You just experienced the warmest April we’ve ever seen here in Western Oregon.  That’s assuming you are younger than 80-90 years old.  Here in Portland it was the warmest on record


Those records go back to around 1940.  April 1926 and 1935 were warmer in many places though so in those spots it wasn’t the warmest on record.   Regardless, we are in a 26 month warm period that shows no sign of ending; we’ll see if a possible La Nina this fall/winter puts an end to that (or not).

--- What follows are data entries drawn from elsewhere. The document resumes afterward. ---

(* Let $\mathcal Q$ be the set of infinite arrays $q^\infty=(q(b:\cdot))_{b\ge1}$ of coefficient families satisfying the backward recursions (BR) for all $b$ and having $q(2:1)>0$. For $q^\infty\in\mathcal Q$, let $p_{q^\infty}$ be the EPPF of the final partition $(E_n)_{n\ge1}$ associated with the consistent freeze-and-merge operators defined by $q^\infty$. Equivalently, $p_{q^\infty}$ is the EPPF of the exchangeable random partition of $\mathbb N$ satisfying Möhle's recursion with coefficients $q(n:\cdot)$ for all $n$. Then the map $q^\infty\mapsto p_{q^\infty}$ is injective on $\mathcal Q$, hence a bijection onto its image.
   Context: Coefficient families. $q(1:\cdot)=\{q(1:1)\}=\{1\}$. For $b\ge2$, a coefficient family $q(b:\cdot)$ is a collection of nonnegative reals consisting of: - a number $q(b:1)$; - a number $q(b:k_1,\dots,k_r;s)$ for each multiset $\{k_1,\dots,k_r\}$ with $r\ge1$, $k_i\ge2$, $s=b-\sum k_i\ge0$; such that all these numbers sum to $1$. Backward recursions (BR). The first recursion holds for all $b\ge2$, with $l_j=\#\{i:k_i=j\}$ and the $q(b+1:\dots,2;s-1)$ term read as $0$ if $s=0$: $$\begin{aligned}q(b:k_1,\dots,k_r;s)={}&\sum_{i=1}^r\frac{(k_i+1)(l_{k_i+1}+1)}{(b+1)l_{k_i}}q(b+1:k_1,\dots,k_i+1,\dots,k_r;s)+\frac{2(l_2+1)}{b+1}q(b+1:k_1,\dots,k_r,2;s-1)\\&+\frac{s+1}{b+1}q(b+1:k_1,\dots,k_r;s+1)+\frac{q(b+1:1)+2q(b+1:2;b-1)}{b+1}q(b:k_1,\dots,k_r;s).\end{aligned}$$ The second recursion holds for all $b\ge1$: $$q(b:1)=\frac b{b+1}q(b+1:1)+\frac{q(b+1:1)+2q(b+1:2;b-1)}{b+1}q(b:1).$$ Partitions and EPPF. A partition of a finite set is an unordered collection of nonempty pairwise disjoint blocks with union the set. A composition of $m$ is a sequence of positive integers summing to $m$, and $\mathcal C_m$ is the set of compositions of $m$. An exchangeable random partition of $\mathbb N$ is a sequence $(\Pi_n)$ of random partitions $\Pi_n$ of $[n]=\{1,\dots,n\}$, each with law invariant under permutations of $[n]$, such that $\Pi_n$ restricted to $[m]$ equals $\Pi_m$. Its EPPF $p$ on $\bigcup_m\mathcal C_m$ is defined by $\mathbb P(\Pi_m=\{A_1,\dots,A_\ell\})=p(|A_1|,\dots,|A_\ell|)$. Collisions. For integers $b\ge2$, $r\ge1$, $k_1,\dots,k_r\ge2$, $s\ge0$ with $s+\sum k_i=b$, a $(b;k_1,\dots,k_r;s)$-collision of $b$ blocks leaves $s$ blocks unchanged and divides the others into $r$ unordered groups of $k_1,\dots,k_r$ blocks, each merged into one block. Their number is $d(b;k_1,\dots,k_r;s)=\frac{b!}{s!\prod_{j=2}^b(j!)^{l_j}l_j!}$. Freeze-and-merge operators. A partially frozen partition of $[m]$ is a partition of $[m]$ whose blocks are each labeled ''active'' or ''frozen''. $\Sigma^*_m$ is the all-singletons, all-active partition of $[m]$. $\mathrm{FM}_m$ acts on a partially frozen partition with $b$ active blocks as follows. If $b=0$, it does nothing. Otherwise: - with probability $q(b:k_1,\dots,k_r;s)$, a uniformly chosen one of the $d(b;k_1,\dots,k_r;s)$ possible $(b;k_1,\dots,k_r;s)$-collisions of the active blocks is performed, the merged blocks being active; - with probability $q(b:1)$, a uniformly chosen active block is frozen. The $\mathrm{FM}_n$-chain started from $\Sigma^*_n$ a.s. ends in an all-frozen state, whose induced (unlabeled) partition is $E_n$. *)

From HB Require Import structures.
From mathcomp Require Import all_boot all_order all_algebra.
Set Implicit Arguments. Unset Strict Implicit. Unset Printing Implicit Defensive.
Import Order.TTheory GRing.Theory Num.Theory.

We broke another record last month in Portland…most days in April above 70 degrees


A strong upper-level high is just to our northeast and tomorrow we’ll be in a southeast flow overhead.  That plus some moisture and some decent instability  mean we COULD get a thunderstorm in the late afternoon or evening in western Oregon.  Models are definitely not as bullish on thunder prospects as they were with the event last week so I’m not quite as wound up about it this go around.

So…we MIGHT see something interesting in the late afternoon and evening so I’ll be watching that radar pretty closely!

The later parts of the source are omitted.